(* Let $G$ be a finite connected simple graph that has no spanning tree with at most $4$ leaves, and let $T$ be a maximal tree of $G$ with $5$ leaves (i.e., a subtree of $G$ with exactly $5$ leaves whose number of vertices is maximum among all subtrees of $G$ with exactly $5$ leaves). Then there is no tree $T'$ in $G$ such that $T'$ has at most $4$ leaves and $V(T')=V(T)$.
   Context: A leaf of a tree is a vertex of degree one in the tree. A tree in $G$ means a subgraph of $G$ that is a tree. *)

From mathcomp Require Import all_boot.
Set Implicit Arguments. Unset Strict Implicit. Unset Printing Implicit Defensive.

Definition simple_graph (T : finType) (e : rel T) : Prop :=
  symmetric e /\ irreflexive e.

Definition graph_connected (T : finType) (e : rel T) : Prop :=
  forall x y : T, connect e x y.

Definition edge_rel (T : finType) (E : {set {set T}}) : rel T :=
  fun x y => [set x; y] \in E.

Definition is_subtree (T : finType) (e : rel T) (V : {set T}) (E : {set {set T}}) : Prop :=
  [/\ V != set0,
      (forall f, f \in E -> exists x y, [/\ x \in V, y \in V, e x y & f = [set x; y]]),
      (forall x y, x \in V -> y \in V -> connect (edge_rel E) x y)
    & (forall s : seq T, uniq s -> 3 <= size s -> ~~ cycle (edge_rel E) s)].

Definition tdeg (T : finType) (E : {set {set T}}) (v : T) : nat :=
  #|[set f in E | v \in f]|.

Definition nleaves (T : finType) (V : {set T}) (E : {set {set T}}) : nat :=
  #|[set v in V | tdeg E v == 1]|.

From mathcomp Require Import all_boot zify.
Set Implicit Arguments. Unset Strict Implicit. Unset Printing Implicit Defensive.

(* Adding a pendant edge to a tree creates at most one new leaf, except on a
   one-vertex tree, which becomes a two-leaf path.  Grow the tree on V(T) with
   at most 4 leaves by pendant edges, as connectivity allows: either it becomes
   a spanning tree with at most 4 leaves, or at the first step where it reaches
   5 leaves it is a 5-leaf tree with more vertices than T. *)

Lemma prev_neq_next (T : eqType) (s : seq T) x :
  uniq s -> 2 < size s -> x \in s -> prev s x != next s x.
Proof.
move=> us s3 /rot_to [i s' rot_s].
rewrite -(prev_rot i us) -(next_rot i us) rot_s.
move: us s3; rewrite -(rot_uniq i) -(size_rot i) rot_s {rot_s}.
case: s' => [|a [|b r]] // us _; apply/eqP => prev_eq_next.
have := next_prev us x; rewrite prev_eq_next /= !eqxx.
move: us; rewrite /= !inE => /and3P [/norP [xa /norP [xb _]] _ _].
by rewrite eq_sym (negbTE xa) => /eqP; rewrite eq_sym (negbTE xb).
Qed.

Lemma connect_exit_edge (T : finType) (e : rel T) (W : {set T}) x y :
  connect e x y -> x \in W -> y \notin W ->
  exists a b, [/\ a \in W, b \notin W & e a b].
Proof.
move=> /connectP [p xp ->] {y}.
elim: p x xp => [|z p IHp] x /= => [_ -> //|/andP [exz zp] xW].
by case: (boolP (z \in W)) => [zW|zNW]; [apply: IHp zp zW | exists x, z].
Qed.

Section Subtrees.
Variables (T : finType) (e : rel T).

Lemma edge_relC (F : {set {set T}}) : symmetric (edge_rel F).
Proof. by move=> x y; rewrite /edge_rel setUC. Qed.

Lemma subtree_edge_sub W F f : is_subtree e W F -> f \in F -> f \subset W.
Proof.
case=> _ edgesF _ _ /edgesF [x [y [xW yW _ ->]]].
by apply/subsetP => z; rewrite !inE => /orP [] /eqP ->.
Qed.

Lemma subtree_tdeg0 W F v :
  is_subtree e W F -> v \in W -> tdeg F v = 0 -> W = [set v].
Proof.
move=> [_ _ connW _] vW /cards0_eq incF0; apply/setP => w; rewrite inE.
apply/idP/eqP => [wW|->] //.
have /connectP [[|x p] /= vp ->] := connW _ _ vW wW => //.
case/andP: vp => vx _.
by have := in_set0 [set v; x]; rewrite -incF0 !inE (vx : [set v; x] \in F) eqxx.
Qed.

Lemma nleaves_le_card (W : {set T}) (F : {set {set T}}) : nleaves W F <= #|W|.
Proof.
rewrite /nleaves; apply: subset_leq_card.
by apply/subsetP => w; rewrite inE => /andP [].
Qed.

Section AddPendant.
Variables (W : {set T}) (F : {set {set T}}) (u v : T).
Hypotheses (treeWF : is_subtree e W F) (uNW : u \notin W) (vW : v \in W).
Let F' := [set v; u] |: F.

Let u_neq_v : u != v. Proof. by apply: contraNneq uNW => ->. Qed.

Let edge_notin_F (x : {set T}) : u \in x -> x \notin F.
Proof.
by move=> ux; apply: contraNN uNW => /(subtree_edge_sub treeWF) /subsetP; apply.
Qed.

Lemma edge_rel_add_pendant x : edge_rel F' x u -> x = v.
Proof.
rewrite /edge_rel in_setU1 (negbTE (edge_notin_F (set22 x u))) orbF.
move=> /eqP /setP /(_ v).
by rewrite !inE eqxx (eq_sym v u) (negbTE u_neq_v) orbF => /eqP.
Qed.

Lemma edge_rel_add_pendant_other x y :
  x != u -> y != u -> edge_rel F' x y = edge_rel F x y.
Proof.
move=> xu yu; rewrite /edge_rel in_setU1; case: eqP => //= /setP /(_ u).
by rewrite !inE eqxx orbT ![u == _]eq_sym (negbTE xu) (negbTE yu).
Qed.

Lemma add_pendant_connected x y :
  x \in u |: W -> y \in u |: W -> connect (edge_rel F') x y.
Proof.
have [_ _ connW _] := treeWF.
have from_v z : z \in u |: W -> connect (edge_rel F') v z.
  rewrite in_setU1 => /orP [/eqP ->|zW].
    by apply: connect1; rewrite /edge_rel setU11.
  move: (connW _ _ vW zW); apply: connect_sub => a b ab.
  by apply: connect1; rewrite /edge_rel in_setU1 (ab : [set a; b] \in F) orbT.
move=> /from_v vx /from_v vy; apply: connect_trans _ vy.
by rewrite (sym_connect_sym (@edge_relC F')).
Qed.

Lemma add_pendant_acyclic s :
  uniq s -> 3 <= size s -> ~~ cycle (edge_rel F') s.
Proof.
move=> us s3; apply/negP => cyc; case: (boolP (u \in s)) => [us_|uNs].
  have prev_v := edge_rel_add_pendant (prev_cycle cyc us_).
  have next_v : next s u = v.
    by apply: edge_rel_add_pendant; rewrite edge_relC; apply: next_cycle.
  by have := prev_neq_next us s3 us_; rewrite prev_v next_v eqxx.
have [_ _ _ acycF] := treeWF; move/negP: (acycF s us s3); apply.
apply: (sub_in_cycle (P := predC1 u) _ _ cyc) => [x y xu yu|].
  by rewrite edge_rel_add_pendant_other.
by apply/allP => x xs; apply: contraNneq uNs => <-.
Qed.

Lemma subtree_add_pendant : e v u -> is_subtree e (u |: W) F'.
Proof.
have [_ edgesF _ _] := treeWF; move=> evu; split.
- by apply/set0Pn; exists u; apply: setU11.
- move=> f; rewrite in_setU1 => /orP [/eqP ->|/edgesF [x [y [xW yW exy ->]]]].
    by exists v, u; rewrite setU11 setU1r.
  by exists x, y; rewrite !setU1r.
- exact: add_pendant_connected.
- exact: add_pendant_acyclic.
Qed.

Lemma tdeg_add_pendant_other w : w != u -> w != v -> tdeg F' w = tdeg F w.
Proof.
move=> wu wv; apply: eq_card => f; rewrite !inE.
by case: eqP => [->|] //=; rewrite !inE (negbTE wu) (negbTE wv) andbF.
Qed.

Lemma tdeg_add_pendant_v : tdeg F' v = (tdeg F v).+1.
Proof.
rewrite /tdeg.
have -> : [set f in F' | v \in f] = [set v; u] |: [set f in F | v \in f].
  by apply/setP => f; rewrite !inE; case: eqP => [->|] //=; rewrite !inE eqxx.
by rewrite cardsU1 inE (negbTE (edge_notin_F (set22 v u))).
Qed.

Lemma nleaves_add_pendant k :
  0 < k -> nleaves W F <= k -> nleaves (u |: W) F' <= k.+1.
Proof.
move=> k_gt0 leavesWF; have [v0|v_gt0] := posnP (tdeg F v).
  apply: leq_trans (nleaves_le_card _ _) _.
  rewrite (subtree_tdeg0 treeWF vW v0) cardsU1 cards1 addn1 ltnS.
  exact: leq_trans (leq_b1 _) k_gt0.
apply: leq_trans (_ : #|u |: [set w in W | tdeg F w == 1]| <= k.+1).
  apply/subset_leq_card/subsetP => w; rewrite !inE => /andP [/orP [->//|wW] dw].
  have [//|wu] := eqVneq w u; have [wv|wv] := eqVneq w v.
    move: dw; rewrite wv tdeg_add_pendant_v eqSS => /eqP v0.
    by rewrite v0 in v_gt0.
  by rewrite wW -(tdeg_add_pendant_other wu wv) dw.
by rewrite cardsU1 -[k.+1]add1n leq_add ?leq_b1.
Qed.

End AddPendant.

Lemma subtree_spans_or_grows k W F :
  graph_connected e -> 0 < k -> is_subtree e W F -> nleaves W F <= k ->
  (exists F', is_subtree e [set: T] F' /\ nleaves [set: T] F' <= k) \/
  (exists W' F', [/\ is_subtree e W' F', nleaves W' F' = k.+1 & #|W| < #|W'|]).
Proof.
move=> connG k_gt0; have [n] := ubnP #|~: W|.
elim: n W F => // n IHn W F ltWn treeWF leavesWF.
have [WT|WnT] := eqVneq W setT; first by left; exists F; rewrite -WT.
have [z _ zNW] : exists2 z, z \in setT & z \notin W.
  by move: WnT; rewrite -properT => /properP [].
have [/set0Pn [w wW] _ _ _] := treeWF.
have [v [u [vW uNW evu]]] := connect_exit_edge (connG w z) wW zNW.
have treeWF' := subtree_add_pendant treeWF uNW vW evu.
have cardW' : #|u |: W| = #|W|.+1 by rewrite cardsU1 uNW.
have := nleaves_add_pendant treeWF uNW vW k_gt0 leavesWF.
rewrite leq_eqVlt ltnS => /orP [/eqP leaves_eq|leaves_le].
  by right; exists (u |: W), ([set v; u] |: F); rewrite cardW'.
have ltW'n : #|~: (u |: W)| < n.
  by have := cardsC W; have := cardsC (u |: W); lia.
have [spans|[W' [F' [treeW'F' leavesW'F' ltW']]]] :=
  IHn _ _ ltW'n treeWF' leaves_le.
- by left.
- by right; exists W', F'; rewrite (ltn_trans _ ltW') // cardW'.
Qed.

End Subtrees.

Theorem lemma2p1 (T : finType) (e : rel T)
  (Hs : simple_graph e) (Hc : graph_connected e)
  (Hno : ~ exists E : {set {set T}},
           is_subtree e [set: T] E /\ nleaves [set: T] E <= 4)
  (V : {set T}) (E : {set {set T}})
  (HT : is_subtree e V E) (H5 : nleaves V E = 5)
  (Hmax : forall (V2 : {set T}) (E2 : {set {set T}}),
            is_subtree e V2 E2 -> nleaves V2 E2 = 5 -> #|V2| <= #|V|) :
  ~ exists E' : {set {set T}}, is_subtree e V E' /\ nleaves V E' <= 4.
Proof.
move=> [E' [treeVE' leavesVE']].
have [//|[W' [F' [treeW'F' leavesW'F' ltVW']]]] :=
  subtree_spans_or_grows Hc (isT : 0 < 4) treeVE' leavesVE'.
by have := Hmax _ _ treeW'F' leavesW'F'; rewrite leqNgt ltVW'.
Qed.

**REQUIRED WORK**
Print exactly the lines of the listing above starting at the line containing "Lemma edge_rel_add_pendant_other x" and ending at the line containing "Lemma add_pendant_connected x", both included.

**EXERCISE RESPONSE**
Lemma edge_rel_add_pendant_other x y :
  x != u -> y != u -> edge_rel F' x y = edge_rel F x y.
Proof.
move=> xu yu; rewrite /edge_rel in_setU1; case: eqP => //= /setP /(_ u).
by rewrite !inE eqxx orbT ![u == _]eq_sym (negbTE xu) (negbTE yu).
Qed.

Lemma add_pendant_connected x y :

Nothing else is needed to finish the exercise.